Il nostro rituale mensile con il Professore
Ogni mese, nel nostro appuntamento fisso con il Professore Emilio Trignano, ritrovo la stessa sensazione: quella di trovarmi di fronte non solo a un medico, ma a un interprete raffinato della bellezza femminile. Per gioco, fin dal primo incontro, ho iniziato a chiamarlo “il chirurgo estetico migliore d’Italia”. Oggi questo appellativo è diventato un rituale che accompagna ogni articolo, perché in fondo racconta la verità: il Professore unisce rigore scientifico, visione estetica e umanità rara. Questa volta, con lui affrontiamo un tema che riguarda moltissime donne: la mastopessi.
Che cos’è la mastopessi
La mastopessi è un intervento di chirurgia estetica che si propone di rimodellare e risollevare il seno quando questo ha perso tono e compattezza. A differenza della mastoplastica additiva o riduttiva, la mastopessi non modifica il volume delle mammelle: agisce sul “contenitore”, ovvero la pelle, e sul “contenuto”, cioè il tessuto ghiandolare-adiposo, riportandoli in equilibrio.

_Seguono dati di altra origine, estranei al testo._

(* Let $F_0$ and $F_s$ be distribution functions, $U_r(t):=F_r^{\leftarrow}(1-1/t)=\bigl(1/(1-F_r)\bigr)^{\leftarrow}(t)$ for $t>1$, $r\in\{0,s\}$, and let $c\in\mathbb{R}$, $s\ge0$. Suppose $F_0$ is in the max-domain of attraction of $G_\gamma(x)=\exp\{-(1+\gamma x)^{-1/\gamma}\}$ for some $\gamma\in\mathbb{R}$, with a positive function $a_0$ such that $\lim_{t\to\infty}\frac{U_0(tx)-U_0(t)}{a_0(t)}=\frac{x^\gamma-1}{\gamma}$ for all $x>0$. Let $x^*:=\sup\{x:F_0(x)<1\}$. Then $$\lim_{x\uparrow x^*}\frac{1-F_s(x)}{1-F_0(x)}=e^{cs}\quad\Longleftrightarrow\quad\lim_{t\to\infty}\frac{U_s(t)-U_0(t)}{a_0(t)}=\frac{e^{c\gamma s}-1}{\gamma}.$$
   Context: $F^{\leftarrow}$ denotes the generalized (left-continuous) inverse. For $\gamma=0$, $\frac{x^\gamma-1}{\gamma}$ means $\log x$, $(1+\gamma x)^{-1/\gamma}$ means $e^{-x}$, and $\frac{e^{c\gamma s}-1}{\gamma}$ means $cs$. *)

From Stdlib Require Import Reals.
From Coquelicot Require Import Coquelicot.
Open Scope R_scope.

Definition is_distribution_function (F : R -> R) : Prop :=
  (forall x y, x <= y -> F x <= F y) /\
  (forall x, filterlim F (at_right x) (locally (F x))) /\
  filterlim F (Rbar_locally m_infty) (locally 0) /\
  filterlim F (Rbar_locally p_infty) (locally 1).

Definition gen_inv (F : R -> R) (p : R) : Rbar :=
  Glb_Rbar (fun x => p <= F x).

(* U(t) = F^{<-}(1 - 1/t), meaningful (finite) for t > 1. *)
Definition Uq (F : R -> R) (t : R) : R := real (gen_inv F (1 - / t)).

Definition hpow (gamma x : R) : R :=
  if Req_EM_T gamma 0 then ln x else (Rpower x gamma - 1) / gamma.

Definition hexp (gamma c s : R) : R :=
  if Req_EM_T gamma 0 then c * s else (exp (c * gamma * s) - 1) / gamma.

Definition GEV (gamma x : R) : R :=
  if Req_EM_T gamma 0 then exp (- exp (- x))
  else if Rlt_dec 0 (1 + gamma * x) then
    exp (- Rpower (1 + gamma * x) (- / gamma))
  else if Rlt_dec 0 gamma then 0 else 1.
(* Let $k$ be a number field with ring of integers $\mathcal{O}_k$, $\mathcal{A}$ a quaternion algebra over $k$, $\mathcal{O}\subset\mathcal{A}$ an order, and $I\subset\mathcal{O}_k$ an ideal. For any $\gamma\in\mathcal{O}^1(I)$ we have $\mathrm{tr}(\gamma)\equiv 2 \pmod{I^2}$.
   Context: $\mathrm{tr}$ denotes the reduced trace of $\mathcal{A}$, $\mathcal{O}^1$ the group of elements of $\mathcal{O}$ of reduced norm one, $I\mathcal{O}=\{\sum_j t_jw_j: t_j\in I,\ w_j\in\mathcal{O}\}$, and $\mathcal{O}^1(I)=\{\gamma\in\mathcal{O}^1:\gamma-1\in I\mathcal{O}\}$. *)

From HB Require Import structures.
From mathcomp Require Import all_boot all_order all_algebra all_field.
Set Implicit Arguments. Unset Strict Implicit. Unset Printing Implicit Defensive.
Import GRing.Theory.
Local Open Scope ring_scope.

(* A number field is modelled as a finite-dimensional field extension
   [k : fieldExtType rat] of Q. *)

(* Ring of integers O_k: elements of k integral over Z. *)
Definition integral (k : fieldExtType rat) (x : k) : Prop :=
  exists p : {poly int}, p \is monic /\ root (map_poly (fun z : int => z%:~R) p) x.

(* Ideals of O_k, as subsets of k. *)
Definition is_ideal (k : fieldExtType rat) (I : k -> Prop) : Prop :=
  [/\ forall x, I x -> integral x,
      I 0,
      forall x y, I x -> I y -> I (x + y)
    & forall r x, integral r -> I x -> I (r * x)].

Definition ideal_sq (k : fieldExtType rat) (I : k -> Prop) (x : k) : Prop :=
  exists (n : nat) (s t : 'I_n -> k),
    (forall i, I (s i)) /\ (forall i, I (t i)) /\ x = \sum_(i < n) s i * t i.

(* The quaternion algebra (a,b)_k with basis 1, i, j, ij, i^2 = a, j^2 = b,
   ij = -ji. Elements are coordinate rows (x0,x1,x2,x3). *)
Definition quat (k : fieldExtType rat) := 'rV[k]_4.

Definition qc (k : fieldExtType rat) (x : quat k) (n : nat) : k := x ord0 (inord n).

Definition qmul (k : fieldExtType rat) (a b : k) (x y : quat k) : quat k :=
  let x0 := qc x 0 in let x1 := qc x 1 in let x2 := qc x 2 in let x3 := qc x 3 in
  let y0 := qc y 0 in let y1 := qc y 1 in let y2 := qc y 2 in let y3 := qc y 3 in
  \row_(i < 4) [:: x0 * y0 + a * x1 * y1 + b * x2 * y2 - a * b * x3 * y3;
                   x0 * y1 + x1 * y0 - b * x2 * y3 + b * x3 * y2;
                   x0 * y2 + x2 * y0 + a * x1 * y3 - a * x3 * y1;
                   x0 * y3 + x3 * y0 + x1 * y2 - x2 * y1]`_i.

Definition qone (k : fieldExtType rat) : quat k := \row_(i < 4) (if i == 0 :> nat then 1 else 0).

Definition qtr (k : fieldExtType rat) (x : quat k) : k := 2 * qc x 0.
Definition qnrd (k : fieldExtType rat) (a b : k) (x : quat k) : k :=
  qc x 0 ^+ 2 - a * qc x 1 ^+ 2 - b * qc x 2 ^+ 2 + a * b * qc x 3 ^+ 2.

(* An O_k-order in (a,b)_k: a subring with 1 which is a finitely generated
   O_k-module spanning the algebra over k (a complete O_k-lattice). *)
Definition is_order (k : fieldExtType rat) (a b : k) (O : quat k -> Prop) : Prop :=
  O (qone k) /\
  (forall x y, O x -> O y -> O (x + y)) /\
  (forall x, O x -> O (- x)) /\
  (forall x y, O x -> O y -> O (qmul a b x y)) /\
  (forall r x, integral r -> O x -> O (r *: x)) /\
  (exists s : seq (quat k), forall x, O x <->
     exists c : 'I_(size s) -> k, (forall i, integral (c i)) /\
                                  x = \sum_(i < size s) c i *: s`_i) /\
  (exists s : seq (quat k), (forall i, (i < size s)%N -> O s`_i) /\
     forall x : quat k, exists c : 'I_(size s) -> k,
                                  x = \sum_(i < size s) c i *: s`_i).

Definition ideal_order (k : fieldExtType rat) (I : k -> Prop) (O : quat k -> Prop)
  (x : quat k) : Prop :=
  exists (n : nat) (t : 'I_n -> k) (w : 'I_n -> quat k),
    (forall j, I (t j)) /\ (forall j, O (w j)) /\ x = \sum_(j < n) t j *: w j.

Definition O1I (k : fieldExtType rat) (a b : k) (O : quat k -> Prop) (I : k -> Prop)
  (g : quat k) : Prop :=
  [/\ O g, qnrd a b g = 1 & ideal_order I O (g - qone k)].

(* Since nrd g = 1, tr g - 2 = - nrd (g - 1), and g - 1 = sum_j t_j w_j with
   t_j in I and w_j in O. The reduced norm is a quadratic form,
   nrd (x + y) = nrd x + nrd y + <x, y>, and both nrd and its polar form <., .>
   take integral values on O; hence nrd (sum_j t_j w_j) lies in I^2.
   Integrality of nrd on O: left multiplication by w in O has an integral
   matrix on a finite generating set of O containing 1, so its characteristic
   polynomial chi is monic, integral, and annihilates w. Writing w = w0 + v with
   v pure, v^2 = c is a scalar and k[w] is a quotient of k[sqrt c]; there both
   w0 + sqrt c and its conjugate are roots of chi, hence integral over Z, and
   so is their product nrd w. *)

From HB Require Import structures.
From mathcomp Require Import all_boot all_order all_algebra all_field.
From mathcomp Require Import boolp ring.

Set Implicit Arguments.
Unset Strict Implicit.
Unset Printing Implicit Defensive.

Import GRing.Theory.
Local Open Scope ring_scope.

(* Integrality over Z, reflected classically into bool so that the subring
   machinery of MathComp (rpred, polyOver, mxOver) applies to it. *)
Definition Zint (R : nzRingType) : {pred R} :=
  fun x => `[< integralOver (intr : int -> R) x >].
Arguments Zint : clear implicits.

Lemma ZintP (R : nzRingType) (x : R) :
  reflect (integralOver intr x) (x \in Zint R).
Proof. exact: asboolP. Qed.

Fact Zint_subring_closed (R : comNzRingType) : subring_closed (Zint R).
Proof.
split; first exact/ZintP/integral1.
  by move=> x y /ZintP Zx /ZintP Zy; apply/ZintP/integral_sub.
by move=> x y /ZintP Zx /ZintP Zy; apply/ZintP/integral_mul.
Qed.

HB.instance Definition _ (R : comNzRingType) :=
  GRing.isSubringClosed.Build R (Zint R) (Zint_subring_closed R).

Lemma integralE (k : fieldExtType rat) (x : k) : integral x <-> x \in Zint k.
Proof.
by split=> [[p [mp rp]]|/ZintP[p mp rp]]; [apply/ZintP; exists p|exists p].
Qed.

Lemma Zint_inj_rmorph (R S : comNzRingType) (f : {rmorphism R -> S}) :
  injective f -> forall x, (f x \in Zint S) = (x \in Zint R).
Proof.
move=> inj_f x.
have intr_f : f \o intr =1 intr by move=> z /=; rewrite rmorph_int.
apply/ZintP/ZintP => [[p mp pfx]|/(integral_rmorph f)[p mp pfx]]; exists p => //.
  move: pfx; rewrite -(eq_map_poly intr_f) map_poly_comp /root horner_map.
  by rewrite -(rmorph0 f) => /eqP/inj_f ->.
by rewrite -(eq_map_poly intr_f).
Qed.

Lemma Zint_root_monic (R : comNzRingType) (p : {poly R}) (x : R) :
  p \is monic -> p \is a polyOver (Zint R) -> root p x -> x \in Zint R.
Proof.
move=> mp /polyOverP Zp px; apply/ZintP/(integral_root_monic mp px).
by apply/integral_poly => i; apply/ZintP.
Qed.

Lemma char_poly_Zint (R : comNzRingType) n (M : 'M[R]_n) :
  M \is a mxOver (Zint R) -> char_poly M \is a polyOver (Zint R).
Proof.
move=> /mxOverP ZM; rewrite rpred_sum // => s _.
rewrite rpredM ?rpredX ?rpredN ?rpred1 ?rpred_prod // => i _.
by rewrite !mxE rpredB ?rpredMn ?polyOverX ?polyOverC.
Qed.

Lemma horner_mx_intertwine (R : comNzRingType) m n (S : 'M[R]_(m.+1, n.+1))
    (A : 'M_n.+1) (M : 'M_m.+1) (q : {poly R}) :
  S *m A = M *m S -> S *m horner_mx A q = horner_mx M q *m S.
Proof.
move=> SA_MS; elim/poly_ind: q => [|q e IH].
  by rewrite !rmorph0 mulmx0 mul0mx.
rewrite !rmorphD !rmorphM /= !horner_mx_X !horner_mx_C -!mulmxE.
rewrite mulmxDr mulmxDl mulmxA IH -[_ *m S *m A]mulmxA SA_MS !mulmxA.
by rewrite mul_mx_scalar mul_scalar_mx.
Qed.

Lemma big_ord4 (V : nmodType) (F : 'I_4 -> V) :
  \sum_(i < 4) F i = F (inord 0) + F (inord 1) + F (inord 2) + F (inord 3).
Proof.
rewrite !big_ord_recl big_ord0 addr0 !addrA.
by congr (_ + _ + _ + _); congr F; apply: val_inj; rewrite /= inordK.
Qed.

(* (x, y) stands for x + y sqrt c in R[sqrt c] = R[X]/(X^2 - c). *)
Definition sqext {R : comNzRingType} (c : R) := (R * R)%type.

Section SqrtExtension.
Variables (R : comNzRingType) (c : R).
Local Notation Rc := (sqext c).

HB.instance Definition _ := GRing.Zmodule.on Rc.

Definition sqext_mul (x y : Rc) : Rc :=
  (x.1 * y.1 + c * (x.2 * y.2), x.1 * y.2 + x.2 * y.1).

Definition sqext_one : Rc := (1, 0).

Fact sqext_mulA : associative sqext_mul.
Proof. by move=> x y z; congr pair => /=; ring. Qed.

Fact sqext_mulC : commutative sqext_mul.
Proof. by move=> x y; congr pair => /=; ring. Qed.

Fact sqext_mul1 : left_id sqext_one sqext_mul.
Proof. by move=> [x1 x2]; congr pair => /=; ring. Qed.

Fact sqext_mulDl : left_distributive sqext_mul +%R.
Proof. by move=> x y z; congr pair => /=; ring. Qed.

Fact sqext_one_neq0 : sqext_one != 0.
Proof. by apply/eqP => /(congr1 fst)/eqP; rewrite oner_eq0. Qed.

HB.instance Definition _ := GRing.Zmodule_isComNzRing.Build Rc
  sqext_mulA sqext_mulC sqext_mul1 sqext_mulDl sqext_one_neq0.

Lemma sqext_mulE (x y : Rc) :
  x * y = (x.1 * y.1 + c * (x.2 * y.2), x.1 * y.2 + x.2 * y.1).
Proof. by []. Qed.

Definition sqextC (x : R) : Rc := (x, 0).

Fact sqextC_is_zmod_morphism : zmod_morphism sqextC.
Proof. by move=> x y; congr pair => /=; rewrite subr0. Qed.

HB.instance Definition _ :=
  GRing.isZmodMorphism.Build R Rc sqextC sqextC_is_zmod_morphism.

Fact sqextC_is_monoid_morphism : monoid_morphism sqextC.
Proof. by split=> // x y; congr pair => /=; ring. Qed.

HB.instance Definition _ :=
  GRing.isMonoidMorphism.Build R Rc sqextC sqextC_is_monoid_morphism.

Lemma sqextC_inj : injective sqextC.
Proof. by move=> x y [->]. Qed.

Definition sqext_conj (x : Rc) : Rc := (x.1, - x.2).

Fact sqext_conj_is_zmod_morphism : zmod_morphism sqext_conj.
Proof. by move=> x y; congr pair => /=; ring. Qed.

HB.instance Definition _ :=
  GRing.isZmodMorphism.Build Rc Rc sqext_conj sqext_conj_is_zmod_morphism.

Fact sqext_conj_is_monoid_morphism : monoid_morphism sqext_conj.
Proof. by split=> [|x y]; congr pair => /=; ring. Qed.

HB.instance Definition _ :=
  GRing.isMonoidMorphism.Build Rc Rc sqext_conj sqext_conj_is_monoid_morphism.

Lemma sqext_conjC x : sqext_conj (sqextC x) = sqextC x.
Proof. by rewrite /sqext_conj /= oppr0. Qed.

Lemma sqext_mul_conj (u : Rc) :
  u * sqext_conj u = sqextC (u.1 ^+ 2 - c * u.2 ^+ 2).
Proof. by rewrite sqext_mulE; congr pair => /=; ring. Qed.

Lemma sqext_norm_Zint (q : {poly R}) (u : Rc) :
  q \is monic -> q \is a polyOver (Zint R) -> root (map_poly sqextC q) u ->
  u.1 ^+ 2 - c * u.2 ^+ 2 \in Zint R.
Proof.
move=> mq /polyOverP Zq qu.
have mqC : map_poly sqextC q \is monic := monic_map sqextC mq.
have ZqC : map_poly sqextC q \is a polyOver (Zint Rc).
  by apply/polyOverP => i; rewrite coef_map Zint_inj_rmorph //; apply: sqextC_inj.
have qu' : root (map_poly sqextC q) (sqext_conj u).
  rewrite -(eq_map_poly sqext_conjC) map_poly_comp /root horner_map.
  by rewrite (eqP qu) rmorph0.
have := rpredM (Zint_root_monic mqC ZqC qu) (Zint_root_monic mqC ZqC qu').
by rewrite sqext_mul_conj Zint_inj_rmorph //; apply: sqextC_inj.
Qed.

End SqrtExtension.

Arguments sqextC {R c}.
Arguments sqext_conj {R c}.

Section Quaternions.
Variables (k : fieldExtType rat) (a b : k).
Implicit Types (x y w : quat k) (t : k).

Lemma qcD x y n : qc (x + y) n = qc x n + qc y n.
Proof. by rewrite /qc mxE. Qed.

Lemma qcN x n : qc (- x) n = - qc x n.
Proof. by rewrite /qc mxE. Qed.

Lemma qcZ t x n : qc (t *: x) n = t * qc x n.
Proof. by rewrite /qc mxE. Qed.

Lemma qc0 n : qc (0 : quat k) n = 0.
Proof. by rewrite /qc mxE. Qed.

Lemma qc_qone n : (n < 4)%N -> qc (qone k) n = (n == 0)%:R.
Proof. by move=> n_lt4; rewrite /qc mxE inordK //; case: eqP. Qed.

Lemma qc_qmul x y n : (n < 4)%N -> qc (qmul a b x y) n =
  [:: qc x 0 * qc y 0 + a * qc x 1 * qc y 1 + b * qc x 2 * qc y 2
        - a * b * qc x 3 * qc y 3;
      qc x 0 * qc y 1 + qc x 1 * qc y 0 - b * qc x 2 * qc y 3 + b * qc x 3 * qc y 2;
      qc x 0 * qc y 2 + qc x 2 * qc y 0 + a * qc x 1 * qc y 3 - a * qc x 3 * qc y 1;
      qc x 0 * qc y 3 + qc x 3 * qc y 0 + qc x 1 * qc y 2 - qc x 2 * qc y 1]`_n.
Proof. by move=> n_lt4; rewrite {1}/qc mxE inordK. Qed.

Lemma quatP x y : (forall n, (n < 4)%N -> qc x n = qc y n) -> x = y.
Proof.
move=> eq_xy; apply/rowP => i; have := eq_xy i (ltn_ord i).
by rewrite /qc inord_val (ord1 ord0).
Qed.

Definition qbasis (m : nat) : quat k := delta_mx 0 (inord m).

Lemma qc_qbasis m n : (m < 4)%N -> (n < 4)%N -> qc (qbasis m) n = (n == m)%:R.
Proof. by move=> m_lt4 n_lt4; rewrite /qc mxE eqxx -val_eqE /= !inordK. Qed.

Definition lmulmx w : 'M[k]_4 :=
  \matrix_(i < 4, j < 4) qc (qmul a b w (qbasis i)) j.

Lemma mul_lmulmx x w : x *m lmulmx w = qmul a b w x.
Proof.
apply: quatP => n n_lt4; rewrite {1}/qc mxE big_ord4 !mxE !inordK //.
rewrite -/(qc x 0) -/(qc x 1) -/(qc x 2) -/(qc x 3).
case: n n_lt4 => [|[|[|[|n]]]] // _; rewrite !qc_qmul //= !qc_qbasis //=; ring.
Qed.

Definition qpure w := w - qc w 0 *: qone k.

Lemma qc_qpure w n : (n < 4)%N -> qc (qpure w) n = if n == 0 then 0 else qc w n.
Proof.
by move=> n_lt4; rewrite qcD qcN qcZ qc_qone //; case: eqP => [->|_] /=; ring.
Qed.

Definition qpure_sq w := qc w 0 ^+ 2 - qnrd a b w.

(* qpure w squares to qpure_sq w, so qembed maps k[sqrt c], c = qpure_sq w,
   onto k[w], sending sqrt c to qpure w. *)
Definition qembed w (z : sqext (qpure_sq w)) : quat k :=
  z.1 *: qone k + z.2 *: qpure w.

Lemma qembed_eq0 w (z : sqext (qpure_sq w)) :
  qpure w != 0 -> qembed z = 0 -> z = 0.
Proof.
move=> pure_neq0 /[dup] /(congr1 (fun x => qc x 0)).
rewrite qcD !qcZ qc_qone // qc_qpure // qc0 mulr1 mulr0 addr0 => z1_eq0.
rewrite /qembed z1_eq0 scale0r add0r => /eqP.
rewrite scaler_eq0 (negbTE pure_neq0) orbF => /eqP.
by case: z z1_eq0 => ? ? /= -> ->.
Qed.

Lemma qpure_eq0_qc w n : qpure w = 0 -> (0 < n < 4)%N -> qc w n = 0.
Proof.
move=> /(congr1 (fun x => qc x n)) + /andP[n_gt0 n_lt4].
by rewrite qc_qpure // qc0; case: n n_gt0 {n_lt4}.
Qed.

Lemma qembedD w (z z' : sqext (qpure_sq w)) :
  qembed (z + z') = qembed z + qembed z'.
Proof. by rewrite /qembed !scalerDl addrACA. Qed.

Lemma qembedC w t : qembed (sqextC (c := qpure_sq w) t) = t *: qone k.
Proof. by rewrite /qembed scale0r addr0. Qed.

“Il tempo, le gravidanze, l’allattamento, i dimagrimenti importanti e la stessa forza di gravità – spiega il Professore Emilio Trignano – sono tra i principali responsabili della ptosi mammaria, ossia dell’abbassamento del seno. La mastopessi ridona posizione, armonia e consistenza, senza stravolgere la natura del corpo femminile.”
Come avviene l’intervento
L’operazione viene eseguita in anestesia locale con tumescenza, permettendo alla paziente di rientrare a casa in giornata. Prima dell’anestesia, il chirurgo esegue i disegni pre-operatori con la paziente in posizione eretta: un passaggio fondamentale che guiderà le incisioni durante l’intervento.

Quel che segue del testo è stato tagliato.